Reproduce every entry exactly, without alteration.

#### [Given data]
──────────────────────────────
Lemma gauge_epi_add u v u' v' :
  gauge_epi u v -> gauge_epi u' v' -> gauge_epi (vadd u u') (v + v').
Proof.
  intros (l1 & k1 & L1 & K1 & V1) (l2 & k2 & L2 & K2 & V2).
  set (t := if Req_dec_T (l1 + l2) 0 then 0 else l1 / (l1 + l2)).
  set (k := vadd (vscal t k1) (vscal (1 - t) k2)).
  assert (Hk : vscal (l1 + l2) (vsub k k0)
               = vadd (vscal l1 (vsub k1 k0)) (vscal l2 (vsub k2 k0))).
  { unfold k, t. destruct (Req_dec_T (l1 + l2) 0) as [E | E].
    - replace l1 with 0 by lra. replace l2 with 0 by lra. vring.
    - vring; field; lra. }
  assert (Ht : 0 <= t <= 1).
  { unfold t. destruct (Req_dec_T (l1 + l2) 0); [lra|].
    split; [unfold Rdiv; apply Rmult_le_pos; [lra | left; apply Rinv_0_lt_compat; lra]|].
    apply (Rmult_le_reg_r (l1 + l2)); [lra|]. field_simplify; lra. }
  exists (l1 + l2), k. split; [lra|split; [now apply K_convex|]].
  unfold gauge_value in *. rewrite Hk.
  replace (vsub (vadd u u') (vadd (vscal l1 (vsub k1 k0)) (vscal l2 (vsub k2 k0))))
    with (vadd (vsub u (vscal l1 (vsub k1 k0))) (vsub u' (vscal l2 (vsub k2 k0)))) by vring.
  pose proof (vnorm_triangle (vsub u (vscal l1 (vsub k1 k0))) (vsub u' (vscal l2 (vsub k2 k0)))).
  nra.
Qed.

Lemma gauge_epi_scal u v t : 0 < t -> gauge_epi u v -> gauge_epi (vscal t u) (t * v).
Proof.
  intros Ht (lam & k & L & Hk & V). exists (t * lam), k. split; [nra|split; auto].
  unfold gauge_value in *.
  replace (vsub (vscal t u) (vscal (t * lam) (vsub k k0)))
    with (vscal t (vsub u (vscal lam (vsub k k0)))) by vring.
  rewrite vnorm_scal, Rabs_pos_eq by lra. nra.
Qed.

(* For lam <= 1 the point lam k + (1 - lam) k0 lies in K, at distance >= d from x;
   for lam > 1 the linear term takes over, with margin d / (d + 2 Delta). *)
Lemma gauge_value_far x d Delta lam k :
  rho * d = 2 -> 0 <= Delta -> (forall k, K k -> vnorm (vsub k k0) <= Delta) ->
  (forall k, K k -> d <= vnorm (vsub x k)) -> 0 <= lam -> K k ->
  1 + d / (d + 2 * Delta) <= gauge_value (vsub x k0) lam k.
Proof.
  intros Hd HDelta Hdiam Hfar Hl Hk. unfold gauge_value.
  assert (Hd0 : 0 < d) by nra.
  assert (Hm : d / (d + 2 * Delta) <= 1).
  { apply (Rmult_le_reg_r (d + 2 * Delta)); [lra|]. field_simplify; lra. }
  destruct (Rle_lt_dec lam 1) as [L1 | L1].
  - assert (Hk' : K (vadd (vscal lam k) (vscal (1 - lam) k0))) by (apply K_convex; auto; lra).
    replace (vsub (vsub x k0) (vscal lam (vsub k k0)))
      with (vsub x (vadd (vscal lam k) (vscal (1 - lam) k0))) by vring.
    pose proof (Hfar _ Hk'). nra.
  - set (mu := lam - 1).
    replace (vsub (vsub x k0) (vscal lam (vsub k k0)))
      with (vsub (vsub x k) (vscal mu (vsub k k0))) by (unfold mu; vring).
    set (N := vnorm (vsub (vsub x k) (vscal mu (vsub k k0)))).
    assert (HN : d - mu * Delta <= N).
    { pose proof (vnorm_sub_ge X (vsub x k) (vscal mu (vsub k k0))) as H.
      rewrite vnorm_scal, Rabs_pos_eq in H by (unfold mu; lra).
      pose proof (Hdiam k Hk). pose proof (Hfar k Hk).
      assert (mu * vnorm (vsub k k0) <= mu * Delta) by (apply Rmult_le_compat_l; unfold mu; lra).
      fold N in H. lra. }
    pose proof (vnorm_ge0 X (vsub (vsub x k) (vscal mu (vsub k k0)))). fold N in H.
    destruct (Rle_lt_dec (d / (d + 2 * Delta)) mu) as [M1 | M1].
    + unfold mu in M1. nra.
    + assert (mu * (d + 2 * Delta) < d).
      { apply (Rmult_lt_compat_r (d + 2 * Delta)) in M1; [|lra].
        now replace (d / (d + 2 * Delta) * (d + 2 * Delta)) with d in M1 by (field; lra). }
      assert (mu * Delta <= d / 2) by nra.
      unfold mu. nra.
Qed.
──────────────────────────────
#### [Exercise solution]
Lemma gauge_epi_add u v u' v' :
  gauge_epi u v -> gauge_epi u' v' -> gauge_epi (vadd u u') (v + v').
Proof.
  intros (l1 & k1 & L1 & K1 & V1) (l2 & k2 & L2 & K2 & V2).
  set (t := if Req_dec_T (l1 + l2) 0 then 0 else l1 / (l1 + l2)).
  set (k := vadd (vscal t k1) (vscal (1 - t) k2)).
  assert (Hk : vscal (l1 + l2) (vsub k k0)
               = vadd (vscal l1 (vsub k1 k0)) (vscal l2 (vsub k2 k0))).
  { unfold k, t. destruct (Req_dec_T (l1 + l2) 0) as [E | E].
    - replace l1 with 0 by lra. replace l2 with 0 by lra. vring.
    - vring; field; lra. }
  assert (Ht : 0 <= t <= 1).
  { unfold t. destruct (Req_dec_T (l1 + l2) 0); [lra|].
    split; [unfold Rdiv; apply Rmult_le_pos; [lra | left; apply Rinv_0_lt_compat; lra]|].
    apply (Rmult_le_reg_r (l1 + l2)); [lra|]. field_simplify; lra. }
  exists (l1 + l2), k. split; [lra|split; [now apply K_convex|]].
  unfold gauge_value in *. rewrite Hk.
  replace (vsub (vadd u u') (vadd (vscal l1 (vsub k1 k0)) (vscal l2 (vsub k2 k0))))
    with (vadd (vsub u (vscal l1 (vsub k1 k0))) (vsub u' (vscal l2 (vsub k2 k0)))) by vring.
  pose proof (vnorm_triangle (vsub u (vscal l1 (vsub k1 k0))) (vsub u' (vscal l2 (vsub k2 k0)))).
  nra.
Qed.

Lemma gauge_epi_scal u v t : 0 < t -> gauge_epi u v -> gauge_epi (vscal t u) (t * v).
Proof.
  intros Ht (lam & k & L & Hk & V). exists (t * lam), k. split; [nra|split; auto].
  unfold gauge_value in *.
  replace (vsub (vscal t u) (vscal (t * lam) (vsub k k0)))
    with (vscal t (vsub u (vscal lam (vsub k k0)))) by vring.
  rewrite vnorm_scal, Rabs_pos_eq by lra. nra.
Qed.

(* For lam <= 1 the point lam k + (1 - lam) k0 lies in K, at distance >= d from x;
   for lam > 1 the linear term takes over, with margin d / (d + 2 Delta). *)
Lemma gauge_value_far x d Delta lam k :
  rho * d = 2 -> 0 <= Delta -> (forall k, K k -> vnorm (vsub k k0) <= Delta) ->
  (forall k, K k -> d <= vnorm (vsub x k)) -> 0 <= lam -> K k ->
  1 + d / (d + 2 * Delta) <= gauge_value (vsub x k0) lam k.
Proof.
  intros Hd HDelta Hdiam Hfar Hl Hk. unfold gauge_value.
  assert (Hd0 : 0 < d) by nra.
  assert (Hm : d / (d + 2 * Delta) <= 1).
  { apply (Rmult_le_reg_r (d + 2 * Delta)); [lra|]. field_simplify; lra. }
  destruct (Rle_lt_dec lam 1) as [L1 | L1].
  - assert (Hk' : K (vadd (vscal lam k) (vscal (1 - lam) k0))) by (apply K_convex; auto; lra).
    replace (vsub (vsub x k0) (vscal lam (vsub k k0)))
      with (vsub x (vadd (vscal lam k) (vscal (1 - lam) k0))) by vring.
    pose proof (Hfar _ Hk'). nra.
  - set (mu := lam - 1).
    replace (vsub (vsub x k0) (vscal lam (vsub k k0)))
      with (vsub (vsub x k) (vscal mu (vsub k k0))) by (unfold mu; vring).
    set (N := vnorm (vsub (vsub x k) (vscal mu (vsub k k0)))).
    assert (HN : d - mu * Delta <= N).
    { pose proof (vnorm_sub_ge X (vsub x k) (vscal mu (vsub k k0))) as H.
      rewrite vnorm_scal, Rabs_pos_eq in H by (unfold mu; lra).
      pose proof (Hdiam k Hk). pose proof (Hfar k Hk).
      assert (mu * vnorm (vsub k k0) <= mu * Delta) by (apply Rmult_le_compat_l; unfold mu; lra).
      fold N in H. lra. }
    pose proof (vnorm_ge0 X (vsub (vsub x k) (vscal mu (vsub k k0)))). fold N in H.
    destruct (Rle_lt_dec (d / (d + 2 * Delta)) mu) as [M1 | M1].
    + unfold mu in M1. nra.
    + assert (mu * (d + 2 * Delta) < d).
      { apply (Rmult_lt_compat_r (d + 2 * Delta)) in M1; [|lra].
        now replace (d / (d + 2 * Delta) * (d + 2 * Delta)) with d in M1 by (field; lra). }
      assert (mu * Delta <= d / 2) by nra.
      unfold mu. nra.
Qed.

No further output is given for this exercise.